During my install, the progress bar went to 50%, and then jumped to a page stating that the firmware was successfully written to the device. I was apprehensive at first because I thought there must have been an error, why would it jump to complete at only 50%? Then again, progress bars hugely unreliable indicators of progress with software tasks…

I open up Tera Term and processed to connect to the device at 192.168.1.1 using the telnet protocol…

WRT_Telnet

Success! OpenWRT was installed and is running on the router! To enable ssh, simply setup a root password by running the ‘passwd’ command. After setting a password and logging out, the router is now accessible with ssh and the telnet daemon is disabled. Next I fired up Putty, my preferred Windows SSH client…

WRT_ssh

Success!!! The router is now ready for configuration of capabilities.  It is a good idea to review the limitations of the WRT160Nv2 once more as the limited memory on the router prohibits it from running the web GUI interface as well as software such as OpenVPN.
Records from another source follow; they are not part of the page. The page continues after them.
Lemma srankP (delta : R) (s : seq R) :
  0 <= delta -> 0 < psum s (size s) ->
  (srank delta s <= size s)%N /\ 1 - delta <= psum s (srank delta s) / psum s (size s).
Proof.
move=> delta_ge0 tot_gt0.
set P := fun k => 1 - delta <= psum s k / psum s (size s).
have P_size : P (size s) by rewrite /P divff ?gt_eqF //; lra.
have has_P : has P (iota 0 (size s).+1).
  by apply/hasP; exists (size s); rewrite // mem_iota ltnS leqnn.
have k_lt : (srank delta s < (size s).+1)%N.
  by rewrite /srank -[X in (_ < X)%N](size_iota 0) -has_find.
split; first by rewrite -ltnS.
by have := nth_find 0 has_P; rewrite nth_iota // add0n.
Qed.

Lemma srank_ge (delta kappa : R) (s : seq R) :
  sorted (fun x y => y <= x) s -> all (fun x => 0 < x) s -> (0 < size s)%N ->
  0 <= delta <= 1 -> s`_0 <= kappa * s`_(size s).-1 ->
  Num.ceil ((1 - delta) * (size s)%:R / (delta * kappa + (1 - delta)))
    <= (srank delta s)%:Z.
Proof.
move=> s_sorted s_pos s_gt0 /andP[delta_ge0 delta_le1] ratio.
have last_gt0 : 0 < s`_(size s).-1 by apply: (allP s_pos); rewrite mem_nth ?ltn_predL.
have kappa_ge1 : 1 <= kappa.
  have : s`_(size s).-1 <= s`_0 by rewrite sorted_ge_nth_le ?ltn_predL.
  by rewrite -(ler_pM2r last_gt0) mul1r => /le_trans/(_ ratio).
have tot_gt0 : 0 < psum s (size s).
  have [_] := psum_sorted_ge_bounds s_sorted (leq0n (size s)).
  rewrite subn0 /psum big_ord0 subr0; apply: lt_le_trans.
  by rewrite mulr_gt0 // ltr0n.
have [k_le frac] := srankP delta_ge0 tot_gt0.
have [head tail] := psum_sorted_ge_bounds s_sorted k_le.
move: k_le frac head tail; set k := srank delta s; set A := psum s k.
set T := psum s (size s); rewrite ler_pdivlMr // => k_le frac head tail.
rewrite natrB // in tail.
have k_ge0 : 0 <= (k%:R : R) := ler0n _ k.
have compl_ge0 : 0 <= 1 - delta by rewrite subr_ge0.
have key : (1 - delta) * ((size s)%:R - k%:R) <= delta * k%:R * kappa.
  rewrite -(ler_pM2r last_gt0).
  have := ler_wpM2l compl_ge0 tail; have := ler_wpM2l delta_ge0 head.
  have := ler_wpM2l (mulr_ge0 delta_ge0 k_ge0) ratio.
  nra.
have den_gt0 : 0 < delta * kappa + (1 - delta) by nra.
rewrite ceil_le_int ler_pdivrMr // -[k%:~R]/(k%:R); nra.
Qed.

End Srank.

Section Eigenvalues.
Variable F : fieldType.

Lemma eigenvalue_scalar1 m (e : F) : eigenvalue (1%:M : 'M[F]_m) e -> e = 1.
Proof.
case/eigenvalueP => v; rewrite mulmx1 => ve v_neq0; apply/eqP; rewrite eq_sym -subr_eq0.
apply: contraR v_neq0 => e1_neq0; apply/eqP.
have /eqP : (1 - e) *: v = 0 by rewrite scalerBl scale1r -{1}ve subrr.
by rewrite scaler_eq0 (negPf e1_neq0) => /eqP.
Qed.

Lemma eigenvalue_conj_diag m (P P' : 'M[F]_m) (D : 'rV[F]_m) j :
  P *m P' = 1%:M -> eigenvalue (P' *m diag_mx D *m P) (D 0 j).
Proof.
move=> PP'; apply/eigenvalueP; exists (delta_mx 0 j *m P).
  rewrite !mulmxA -(mulmxA _ P) PP' mulmx1 scalemxAl; congr (_ *m _).
  apply/matrixP => a b; rewrite mul_mx_diag !mxE.
  case: (b =P j) => [->|/eqP b_neq_j]; first by rewrite ?eqxx /= mulrC.
  by rewrite andbF mul0r mulr0.
apply/eqP => /(congr1 (mulmx^~ P')); rewrite -mulmxA PP' mulmx1 mul0mx.
by move/matrixP/(_ 0 j); rewrite !mxE !eqxx /= => /eqP; rewrite oner_eq0.
Qed.

End Eigenvalues.

Section RealMatrices.
Variable R : realType.
Local Open Scope sesquilinear_scope.

Lemma pos_eigenvalues_eigenvalue m (M : 'M[R]_m) eta e :
  pos_eigenvalues M eta -> e \in eta -> eigenvalue M e.
Proof.
case=> _ [_ [_ charM]] e_eta.
by rewrite eigenvalue_root_char charM rootM root_prod_XsubC e_eta orbT.
Qed.

(* MathComp's spectral theorem lives over a numClosedFieldType, hence the detour
   through R[i]. *)
Lemma sym_pos_eigenvalues_spectral m (M : 'M[R]_m) eta :
  M^T = M -> pos_eigenvalues M eta ->
  exists P : 'M[R[i]]_m, exists2 D : 'rV[R[i]]_m,
    P *m P^t* = 1%:M /\ map_mx (real_complex R) M = P^t* *m diag_mx D *m P
    & forall j, D 0 j = 0 \/ exists2 e, e \in eta & D 0 j = (e%:C)%C.
Proof.
move=> MT [_ [_ [_ charM]]]; set Mc := map_mx _ M.
have McT : Mc^t* = Mc.
  apply/matrixP => i j; rewrite !mxE.
  have -> : M j i = M i j by rewrite -[in RHS]MT mxE.
  by apply: conj_Creal; rewrite complex_real.
have /orthomx_spectralP McE : Mc \is normalmx by apply/normalmxP; rewrite McT.
set P := spectralmx Mc in McE; set D := spectral_diag Mc in McE.
have PPt : P *m P^t* = 1%:M by apply/unitarymxP/spectral_unitarymx.
rewrite invmx_unitary ?spectral_unitarymx // in McE.
exists P, D => [|j]; first by split.
have := eigenvalue_conj_diag D j PPt; rewrite -McE.
rewrite eigenvalue_root_char -map_char_poly charM rmorphM /= map_polyXn map_prod_XsubC.
rewrite rootM /root hornerXn expf_eq0 => /orP[/andP[_ /eqP ->]|]; first by left.
rewrite -/(root _ _) -(big_map (real_complex R) xpredT (fun x => 'X - x%:P)).
by rewrite root_prod_XsubC => /mapP[e e_eta ->]; right; exists e.
Qed.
It is my intention to use this device as a wired router device for now. Perhaps in future I will also look at enabling the 802.11 features too.

Conclusion

My take away from this little project is as follows:

  1. Always do your homework before purchasing technology, I knew better than just buying something from the store, but I was lazy and just bought the medium grade device from the local store. Now today I have a device that is so crippled that it is hardly supported by open source software.
  2. Open source software is perfect for re-purposing old hardware and giving it new life after the manufacturer has long abandoned the product.
  3. Or just make sure you have a lot of money for your technology! I would love to put a Juniper EX2200 in my lab instead, but I don’t have that type of cash to burn on a hobby lab.